What you should do: In the data below, find each line carrying the string "imsetP" and copy it out.
[[ Information open ]]
Lemma card_V_tcover M : {in M, forall t, wvv t} ->
  #|~: W| <= #|~: W :\: tcover M| + 2 * #|M|.
Proof.
move=> Mwvv; rewrite -(cardsID (tcover M) (~: W)) addnC leq_add2l.
apply: (@leq_trans #|ta @: M :|: tb @: M|).
  apply/subset_leq_card/subsetP=> z; rewrite !inE => /andP[zV /bigcupP[t tM]].
  case/and4P: (Mwvv t tM) => wW _ _ _.
  rewrite !inE => /orP[/orP[]|] /eqP zt; first by rewrite zt wW in zV.
    by rewrite zt imset_f.
  by rewrite zt imset_f ?orbT.
by rewrite mul2n -addnn (leq_trans (leq_card_setU _ _).1) // leq_add ?leq_imset_card.
Qed.

Lemma sum_card_tedge M : {in M, forall t, wvv t} ->
  \sum_(e in tedge @: M) #|e| = 3 * #|tedge @: M|.
Proof.
move=> Mwvv; rewrite mulnC -sum_nat_const.
by apply: eq_bigr => _ /imsetP[t tM ->]; rewrite card_tedge // Mwvv.
Qed.

Lemma card_tcover M : wvv_matching M -> #|tcover M| = 3 * #|M|.
Proof.
move=> hM; have [_ inj triv] := hM.
rewrite /tcover -cover_imset -(eqP triv) sum_card_tedge ?card_in_imset //.
exact: wvv_matching_wvv.
Qed.

(* Three-element edges covering 3|M| vertices must be distinct and pairwise
   disjoint. *)
Lemma wvv_matching_card M : {in M, forall t, wvv t && (tedge t \in H)} ->
  3 * #|M| <= #|tcover M| -> wvv_matching M.
Proof.
move=> Medge ge_cover; have Mwvv t : t \in M -> wvv t by case/Medge/andP.
have le_cover := leq_card_cover (tedge @: M).
rewrite cover_imset sum_card_tedge // in le_cover.
have img : #|tedge @: M| = #|M|.
  apply/eqP; rewrite eqn_leq leq_imset_card -(leq_pmul2l (isT : 0 < 3)).
  exact: leq_trans ge_cover le_cover.1.
constructor=> //; first exact/imset_injP/eqP.
by rewrite -le_cover.2 eqn_leq le_cover.1 img ge_cover.
Qed.

Lemma wvv_matching_exchange M K N X :
  wvv_matching M -> K \subset M -> {in N, forall t, wvv t && (tedge t \in H)} ->
  #|N| <= #|K|.+1 -> [disjoint X & tcover M] -> #|X| = 3 ->
  X :|: tcover K \subset tcover N ->
  wvv_matching (N :|: (M :\: K)) /\ #|N :|: (M :\: K)| = #|M|.+1.
Proof.
move=> hM sKM Nedge cardN disXM cardX sXKN; set M' := N :|: (M :\: K).
have M'edge : {in M', forall t, wvv t && (tedge t \in H)}.
  by move=> t /setUP[/Nedge // | /setDP[tM _]]; apply: (wvv_matching_edge hM).
have cardM' : #|M'| <= #|M|.+1.
  rewrite (leq_trans (leq_card_setU _ _).1) // cardsD (setIidPr sKM).
  by have := subset_leq_card sKM; lia.
have coverM' : 3 * #|M|.+1 <= #|tcover M'|.
  have -> : 3 * #|M|.+1 = #|X :|: tcover M|.
    by rewrite cardsU (disjoint_setI0 disXM) cards0 subn0 cardX card_tcover //; lia.
  apply/subset_leq_card; rewrite -{1}(setID M K) (setIidPr sKM) !tcover_setU setUA.
  exact: setSU.
have hM' : wvv_matching M' by apply: wvv_matching_card => //; lia.
by split=> //; have := card_tcover hM'; lia.
Qed.

Lemma extend_by_edge M t : wvv_matching M -> wvv t -> tedge t \in H ->
  [disjoint tedge t & tcover M] -> exists M', wvv_matching M' /\ #|M'| = #|M|.+1.
Proof.
move=> hM ht tH dis; exists ([set t] :|: (M :\: set0)).
apply: (wvv_matching_exchange hM (sub0set M)) dis (card_tedge ht) _ => //.
- by move=> s /set1P->; rewrite ht tH.
- by rewrite cards1 cards0.
- by rewrite tcover1 /tcover big_set0 setU0 subxx.
Qed.

Definition switch_w (w : T) (p : (T * T * T) * (T * T * T)) : T * T * T :=
  (w, ta p.1, tb p.2).
Definition switch_x (x : T) (p : (T * T * T) * (T * T * T)) : T * T * T :=
  (tw p.1, x, ta p.2).
Definition switch_y (y : T) (p : (T * T * T) * (T * T * T)) : T * T * T :=
  (tw p.2, y, tb p.1).

Lemma switch_tcover w x y t1 t2 :
  [set w; x; y] :|: tcover [set t1; t2] \subset
  tcover [set switch_w w (t1, t2); switch_x x (t1, t2); switch_y y (t1, t2)].
Proof.
rewrite !tcover_setU !tcover1; apply/subsetP=> z; rewrite !inE /=.
by do ![case/orP | move/eqP->]; rewrite !eqxx ?orbT.
Qed.

Lemma switch_wvv M w x y p : wvv_matching M -> p \in offdiag M -> w \in W ->
  x \in ~: W :\: tcover M -> y \in ~: W :\: tcover M ->
  [/\ wvv (switch_w w p), wvv (switch_x x p) & wvv (switch_y y p)].
Proof.
case: p => t1 t2 hM; rewrite mem_offdiag !inE => /and3P[t1M t2M t12] wW.
move=> /andP[xc xV] /andP[yc yV].
have [w1W a1V b1V _] := and4P (wvv_matching_wvv hM t1M).
have [w2W a2V b2V _] := and4P (wvv_matching_wvv hM t2M).
have [_ a1E b1E] := tedge_vertices t1; have [_ a2E b2E] := tedge_vertices t2.
have ab : ta t1 != tb t2.
  by apply: contraNneq t12 => e; apply/eqP/(wvv_matching_uniq hM t1M t2M a1E); rewrite e.
have xa : x != ta t2 by apply: contraNneq xc => ->; apply: mem_tcover t2M a2E.
have yb : y != tb t1 by apply: contraNneq yc => ->; apply: mem_tcover t1M b1E.
by split; apply/and4P; split.
Qed.

Lemma extend_by_switch M w x y t1 t2 : wvv_matching M -> (t1, t2) \in offdiag M ->
  w \in W :\: tcover M -> x \in ~: W :\: tcover M -> y \in ~: W :\: tcover M -> x != y ->
  [&& tedge (switch_w w (t1, t2)) \in H, tedge (switch_x x (t1, t2)) \in H
    & tedge (switch_y y (t1, t2)) \in H] ->
  exists M', wvv_matching M' /\ #|M'| = #|M|.+1.
Proof.
move=> hM pM wWM xU yU xy /and3P[s1H s2H s3H].
have /setDP[wW wc] := wWM.
have /setDP[/[!inE] xV xc] := xU; have /setDP[/[!inE] yV yc] := yU.
have [s1 s2 s3] := switch_wvv hM pM wW xU yU.
move: (pM); rewrite mem_offdiag => /and3P[t1M t2M t12].
have xyz : wvv (w, x, y) by apply/and4P.
eexists; apply: (wvv_matching_exchange hM _ _ _ (disjoint_set3_tcover wc xc yc)
  (card_tedge xyz) (switch_tcover w x y t1 t2)).
- by apply/subsetP=> t /set2P[]->.
- by move=> t /setUP[/set2P[]|/set1P]->; apply/andP.
- rewrite cards2 t12 (leq_trans (leq_card_setU _ _).1) // cards1 cards2 addn1.
  by case: (_ != _).
Qed.

Lemma card_missing_pairs (I : finType) (D : {set I}) (phi : I -> {set T}) v :
  {in D &, injective phi} -> {in D, forall i, phi i \in link (Hnd W) v} ->
  #|[set i in D | phi i \notin link H v]| <= #|missing_links v|.
Proof.
move=> inj Dphi; set B := [set i in D | phi i \notin link H v].
have injB : {in B &, injective phi} by apply: sub_in2 inj => i /setIdP[].
rewrite -(card_in_imset injB).
apply/subset_leq_card/subsetP=> P /imsetP[i /setIdP[iD ni] ->].
by rewrite inE ni Dphi.
Qed.

Lemma card_pairs_missing (U : {set T}) w : w \in W -> U \subset ~: W ->
  (forall P : {set T}, P \subset U -> #|P| = 2 -> P \notin link H w) ->
  'C(#|U|, 2) <= #|missing_links w|.
Proof.
move=> wW UV noP; rewrite -cards_draws; apply/subset_leq_card/subsetP=> P.
rewrite inE => /andP[PU P2]; rewrite in_setD noP ?(eqP P2) //=.
have /cards2P[a [b [ab ePab]]] := P2; rewrite ePab.
have aV : a \notin W by rewrite -in_setC (subsetP UV) // (subsetP PU) // ePab set21.
have bV : b \notin W by rewrite -in_setC (subsetP UV) // (subsetP PU) // ePab set22.
have hw : wvv (w, a, b) by apply/and4P.
by rewrite (wvv_link_w _ hw) wvv_Hnd.
Qed.

(* Since every vertex lies in at most one edge of M, the unordered pair
   {f t1, g t2} determines (t1, t2); the crossed case is ruled out by f t != g t. *)
Lemma offdiag_pair_inj M (f g : T * T * T -> T) : wvv_matching M ->
  {in M, forall t, [/\ f t \in tedge t, g t \in tedge t & f t != g t]} ->
  {in offdiag M &, injective (fun p => [set f p.1; g p.2])}.
Proof.
move=> hM fg [t1 t2] [t1' t2']; rewrite !mem_offdiag /=.
move=> /and3P[t1M t2M t12] /and3P[t1M' t2M' _] e.
have fE t : t \in M -> f t \in tedge t by case/fg.
have gE t : t \in M -> g t \in tedge t by case/fg.
have same := wvv_matching_uniq hM.
have /set2P[ef|ef] : f t1 \in [set f t1'; g t2'] by rewrite -e set21.
all: have /set2P[eg|eg] : g t2 \in [set f t1'; g t2'] by rewrite -e set22.
- case/eqP: t12; apply: (same (f t1)) => //; first exact: fE.
  by rewrite ef -eg; exact: gE.
- have -> : t1 = t1' by apply: (same (f t1)) => //; [exact: fE | rewrite ef; exact: fE].
  by have -> : t2 = t2' by apply: (same (g t2)) => //; [exact: gE | rewrite eg; exact: gE].
- have e1 : t2' = t1 by apply: (same (f t1)) => //; [rewrite ef; exact: gE | exact: fE].
  by case: (fg t1 t1M) => _ _; rewrite ef e1 eqxx.
- case/eqP: t12; apply: (same (g t2)) => //; last exact: gE.
  by rewrite eg -ef; exact: fE.
Qed.

Lemma card_offdiag_missing M w x y : wvv_matching M -> w \in W :\: tcover M ->
  x \in ~: W :\: tcover M -> y \in ~: W :\: tcover M ->
  {in offdiag M, forall p, ~~ [&& tedge (switch_w w p) \in H,
      tedge (switch_x x p) \in H & tedge (switch_y y p) \in H]} ->
  #|M| * #|M|.-1 <= #|missing_links w| + #|missing_links x| + #|missing_links y|.
Proof.
move=> hM /setDP[wW _] xU yU noswitch; rewrite -card_offdiag.
set D := offdiag M; have Mwvv := wvv_matching_wvv hM.
have sw p : p \in D -> [/\ wvv (switch_w w p), wvv (switch_x x p) & wvv (switch_y y p)].
  by move=> pD; apply: switch_wvv hM pD wW xU yU.
have inj_w : {in D &, injective (fun p => [set ta p.1; tb p.2])}.
  apply: offdiag_pair_inj hM _ => t /Mwvv /wvv_neq[wa wb ab].
  by have [wE aE bE] := tedge_vertices t.
have inj_x : {in D &, injective (fun p => [set tw p.1; ta p.2])}.
  apply: offdiag_pair_inj hM _ => t /Mwvv /wvv_neq[wa wb ab].
  by have [wE aE bE] := tedge_vertices t.
have inj_y : {in D &, injective (fun p => [set tw p.2; tb p.1])}.
  move=> p q pD qD; rewrite /= !(setUC [set tw _]); apply: offdiag_pair_inj pD qD => //.
  move=> t /Mwvv /wvv_neq[wa wb ab]; have [wE aE bE] := tedge_vertices t.
  by rewrite eq_sym.
pose Bw := [set p in D | [set ta p.1; tb p.2] \notin link H w].
pose Bx := [set p in D | [set tw p.1; ta p.2] \notin link H x].
pose By := [set p in D | [set tw p.2; tb p.1] \notin link H y].
have sub : D \subset Bw :|: Bx :|: By.
  apply/subsetP=> p pD; have [h1 h2 h3] := sw p pD; move: (noswitch p pD).
  rewrite -(wvv_link_w _ h1) -(wvv_link_a _ h2) -(wvv_link_a _ h3) !negb_and /Bw /Bx /By.
  case/orP=> [nw | /orP[nx | ny]]; apply/setUP;
    [left; apply/setUP; left | left; apply/setUP; right | right]; exact/setIdP.
apply: leq_trans (subset_leq_card sub) _.
apply: leq_trans (leq_card_setU _ _).1 (leq_add _ _).
  apply: leq_trans (leq_card_setU _ _).1 (leq_add _ _).
    apply: card_missing_pairs inj_w _ => p /sw[h _ _].
    by rewrite (wvv_link_w _ h) wvv_Hnd.
  apply: card_missing_pairs inj_x _ => p /sw[_ h _].
  by rewrite (wvv_link_a _ h) wvv_Hnd.
apply: card_missing_pairs inj_y _ => p /sw[_ _ h].
by rewrite (wvv_link_a _ h) wvv_Hnd.
Qed.

Section Step.

Hypothesis few_missing : forall v, 1000 * 1000 * #|missing_links v| <= #|T| ^ 2.
Hypothesis W_small : 3 * #|W| <= #|T|.

Lemma wvv_matching_step M : wvv_matching M -> #|M| < #|W| ->
  exists M', wvv_matching M' /\ #|M'| = #|M|.+1.
Proof.
move=> hM ltMW; have Mwvv := wvv_matching_wvv hM.
set U := ~: W :\: tcover M.
have cardU : #|~: W| <= #|U| + 2 * #|M| := card_V_tcover Mwvv.
have cardWV := cardsC W.
have [w wWM] : exists w, w \in W :\: tcover M.
  by apply/set0Pn; rewrite -card_gt0; have := card_W_tcover Mwvv; lia.
have /setDP[wW wc] := wWM.
case: (boolP [exists P : {set T}, [&& P \subset U, #|P| == 2 & P \in link H w]]).
  case/existsP=> P /and3P[PU /cards2P[a [b [ab ePab]]]]; rewrite ePab => PH.
  have /setDP[/[!inE] aV ac] : a \in U by rewrite (subsetP PU) // ePab set21.
  have /setDP[/[!inE] bV bc] : b \in U by rewrite (subsetP PU) // ePab set22.
  have ht : wvv (w, a, b) by apply/and4P.
  apply: (extend_by_edge hM ht); first by rewrite -(wvv_link_w _ ht).
  exact: disjoint_set3_tcover.
move=> no_edge; have /card_gt1P[x [y [xU yU xy]]] : 1 < #|U| by lia.
case: (boolP [exists p in offdiag M, [&& tedge (switch_w w p) \in H,
    tedge (switch_x x p) \in H & tedge (switch_y y p) \in H]]).
  by case/exists_inP=> -[t1 t2] pM; apply: extend_by_switch hM pM wWM xU yU xy.
move/exists_inPn=> noswitch; exfalso.
have Cu : 'C(#|U|, 2) <= #|missing_links w|.
  apply: card_pairs_missing wW (subsetDl _ _) _ => P PU P2.
  by apply: contraNN no_edge => PH; apply/existsP; exists P; rewrite PU P2 eqxx PH.
have Ck := card_offdiag_missing hM wWM xU yU noswitch.
have VU : #|T| - #|W| <= #|U| + 2 * #|M| by lia.
exact: greedy_count_contradiction W_small ltMW VU Cu Ck (few_missing w)
  (few_missing x) (few_missing y).
Qed.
[[ Information closed ]]
Exercise output:
by apply: eq_bigr => _ /imsetP[t tM ->]; rewrite card_tedge // Mwvv.
apply/subset_leq_card/subsetP=> P /imsetP[i /setIdP[iD ni] ->].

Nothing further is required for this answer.